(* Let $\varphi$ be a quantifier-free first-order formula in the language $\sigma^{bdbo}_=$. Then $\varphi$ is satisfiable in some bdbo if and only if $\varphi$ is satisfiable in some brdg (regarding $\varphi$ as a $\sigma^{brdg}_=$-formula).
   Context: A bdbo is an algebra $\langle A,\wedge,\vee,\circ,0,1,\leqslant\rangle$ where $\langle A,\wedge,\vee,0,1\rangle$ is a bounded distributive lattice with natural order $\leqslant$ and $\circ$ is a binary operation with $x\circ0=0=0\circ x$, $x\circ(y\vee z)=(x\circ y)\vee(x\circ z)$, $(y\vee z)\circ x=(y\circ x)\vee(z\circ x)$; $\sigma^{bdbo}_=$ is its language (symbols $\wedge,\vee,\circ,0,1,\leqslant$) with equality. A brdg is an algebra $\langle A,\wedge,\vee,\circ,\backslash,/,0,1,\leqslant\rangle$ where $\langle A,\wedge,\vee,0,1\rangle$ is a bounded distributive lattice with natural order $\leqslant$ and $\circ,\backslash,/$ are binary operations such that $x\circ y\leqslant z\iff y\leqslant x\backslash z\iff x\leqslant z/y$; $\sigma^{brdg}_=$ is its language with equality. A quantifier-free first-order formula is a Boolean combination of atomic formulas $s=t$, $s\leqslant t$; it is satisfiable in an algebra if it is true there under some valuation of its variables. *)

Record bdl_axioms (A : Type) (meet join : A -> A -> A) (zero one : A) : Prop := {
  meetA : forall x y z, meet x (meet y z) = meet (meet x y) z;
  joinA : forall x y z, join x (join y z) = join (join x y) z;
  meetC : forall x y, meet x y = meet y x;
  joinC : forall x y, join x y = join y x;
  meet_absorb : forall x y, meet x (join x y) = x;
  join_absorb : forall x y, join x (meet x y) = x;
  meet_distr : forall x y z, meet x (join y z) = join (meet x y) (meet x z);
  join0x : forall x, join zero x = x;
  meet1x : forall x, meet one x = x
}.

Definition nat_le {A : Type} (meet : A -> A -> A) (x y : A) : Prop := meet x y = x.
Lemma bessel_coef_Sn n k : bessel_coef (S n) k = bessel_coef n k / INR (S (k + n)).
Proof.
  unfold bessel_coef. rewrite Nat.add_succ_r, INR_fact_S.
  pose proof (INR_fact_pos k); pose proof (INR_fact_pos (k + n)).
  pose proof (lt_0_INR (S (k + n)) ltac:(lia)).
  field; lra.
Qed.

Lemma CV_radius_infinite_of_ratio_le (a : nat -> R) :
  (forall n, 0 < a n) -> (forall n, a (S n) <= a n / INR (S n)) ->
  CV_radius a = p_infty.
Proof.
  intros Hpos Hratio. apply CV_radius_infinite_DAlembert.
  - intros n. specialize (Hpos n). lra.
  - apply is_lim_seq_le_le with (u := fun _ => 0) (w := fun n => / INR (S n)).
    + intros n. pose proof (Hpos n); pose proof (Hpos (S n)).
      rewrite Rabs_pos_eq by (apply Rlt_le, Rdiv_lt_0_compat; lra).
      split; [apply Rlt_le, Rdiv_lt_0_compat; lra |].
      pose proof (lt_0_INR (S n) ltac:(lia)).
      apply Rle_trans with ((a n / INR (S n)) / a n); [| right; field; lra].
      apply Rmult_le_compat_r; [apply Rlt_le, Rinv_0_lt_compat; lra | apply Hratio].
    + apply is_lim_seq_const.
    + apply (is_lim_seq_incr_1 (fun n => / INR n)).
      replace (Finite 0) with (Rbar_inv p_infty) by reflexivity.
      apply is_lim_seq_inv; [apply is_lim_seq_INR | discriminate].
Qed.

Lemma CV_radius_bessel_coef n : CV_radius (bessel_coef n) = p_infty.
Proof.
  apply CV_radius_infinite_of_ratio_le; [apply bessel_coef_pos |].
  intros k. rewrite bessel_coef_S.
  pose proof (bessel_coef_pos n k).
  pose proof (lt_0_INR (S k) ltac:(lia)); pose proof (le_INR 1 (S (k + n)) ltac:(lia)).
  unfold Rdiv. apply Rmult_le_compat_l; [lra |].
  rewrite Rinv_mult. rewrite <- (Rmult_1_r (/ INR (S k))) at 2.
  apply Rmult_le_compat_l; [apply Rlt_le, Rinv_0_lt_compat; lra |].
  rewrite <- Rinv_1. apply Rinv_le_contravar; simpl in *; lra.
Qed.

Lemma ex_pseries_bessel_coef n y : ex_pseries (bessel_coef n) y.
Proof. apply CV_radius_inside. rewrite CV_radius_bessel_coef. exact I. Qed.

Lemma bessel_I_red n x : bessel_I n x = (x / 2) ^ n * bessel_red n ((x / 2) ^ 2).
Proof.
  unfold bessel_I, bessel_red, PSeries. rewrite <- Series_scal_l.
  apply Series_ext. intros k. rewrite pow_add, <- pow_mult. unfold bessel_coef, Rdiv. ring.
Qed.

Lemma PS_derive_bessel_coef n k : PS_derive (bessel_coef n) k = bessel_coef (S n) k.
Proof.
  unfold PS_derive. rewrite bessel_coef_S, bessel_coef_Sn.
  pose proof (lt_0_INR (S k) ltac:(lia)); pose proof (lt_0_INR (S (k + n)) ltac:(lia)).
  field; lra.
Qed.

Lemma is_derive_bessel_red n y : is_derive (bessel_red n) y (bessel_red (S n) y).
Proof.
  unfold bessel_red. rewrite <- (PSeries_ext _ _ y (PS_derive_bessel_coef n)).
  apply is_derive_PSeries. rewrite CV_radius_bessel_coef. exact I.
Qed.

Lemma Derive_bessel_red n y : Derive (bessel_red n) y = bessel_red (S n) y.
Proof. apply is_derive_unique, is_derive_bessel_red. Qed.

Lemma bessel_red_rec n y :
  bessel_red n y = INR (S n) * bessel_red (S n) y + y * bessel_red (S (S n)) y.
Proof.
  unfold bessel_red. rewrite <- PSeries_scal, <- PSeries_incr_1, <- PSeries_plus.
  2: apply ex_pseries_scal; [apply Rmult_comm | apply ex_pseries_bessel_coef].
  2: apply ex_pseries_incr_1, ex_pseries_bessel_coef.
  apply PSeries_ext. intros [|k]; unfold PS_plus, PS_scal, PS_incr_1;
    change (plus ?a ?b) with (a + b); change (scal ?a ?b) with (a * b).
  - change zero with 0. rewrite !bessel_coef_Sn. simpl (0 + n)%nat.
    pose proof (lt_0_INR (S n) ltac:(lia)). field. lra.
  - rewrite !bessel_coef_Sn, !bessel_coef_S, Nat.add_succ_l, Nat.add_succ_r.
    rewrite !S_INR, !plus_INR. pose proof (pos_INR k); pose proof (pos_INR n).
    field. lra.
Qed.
━━━━━━━━━━
:: THE PROBLEM ::
Check every line of the records, and copy the ones that hold the word "join".

:: TASK ANSWER ::
Record bdl_axioms (A : Type) (meet join : A -> A -> A) (zero one : A) : Prop := {
  joinA : forall x y z, join x (join y z) = join (join x y) z;
  joinC : forall x y, join x y = join y x;
  meet_absorb : forall x y, meet x (join x y) = x;
  join_absorb : forall x y, join x (meet x y) = x;
  meet_distr : forall x y z, meet x (join y z) = join (meet x y) (meet x z);
  join0x : forall x, join zero x = x;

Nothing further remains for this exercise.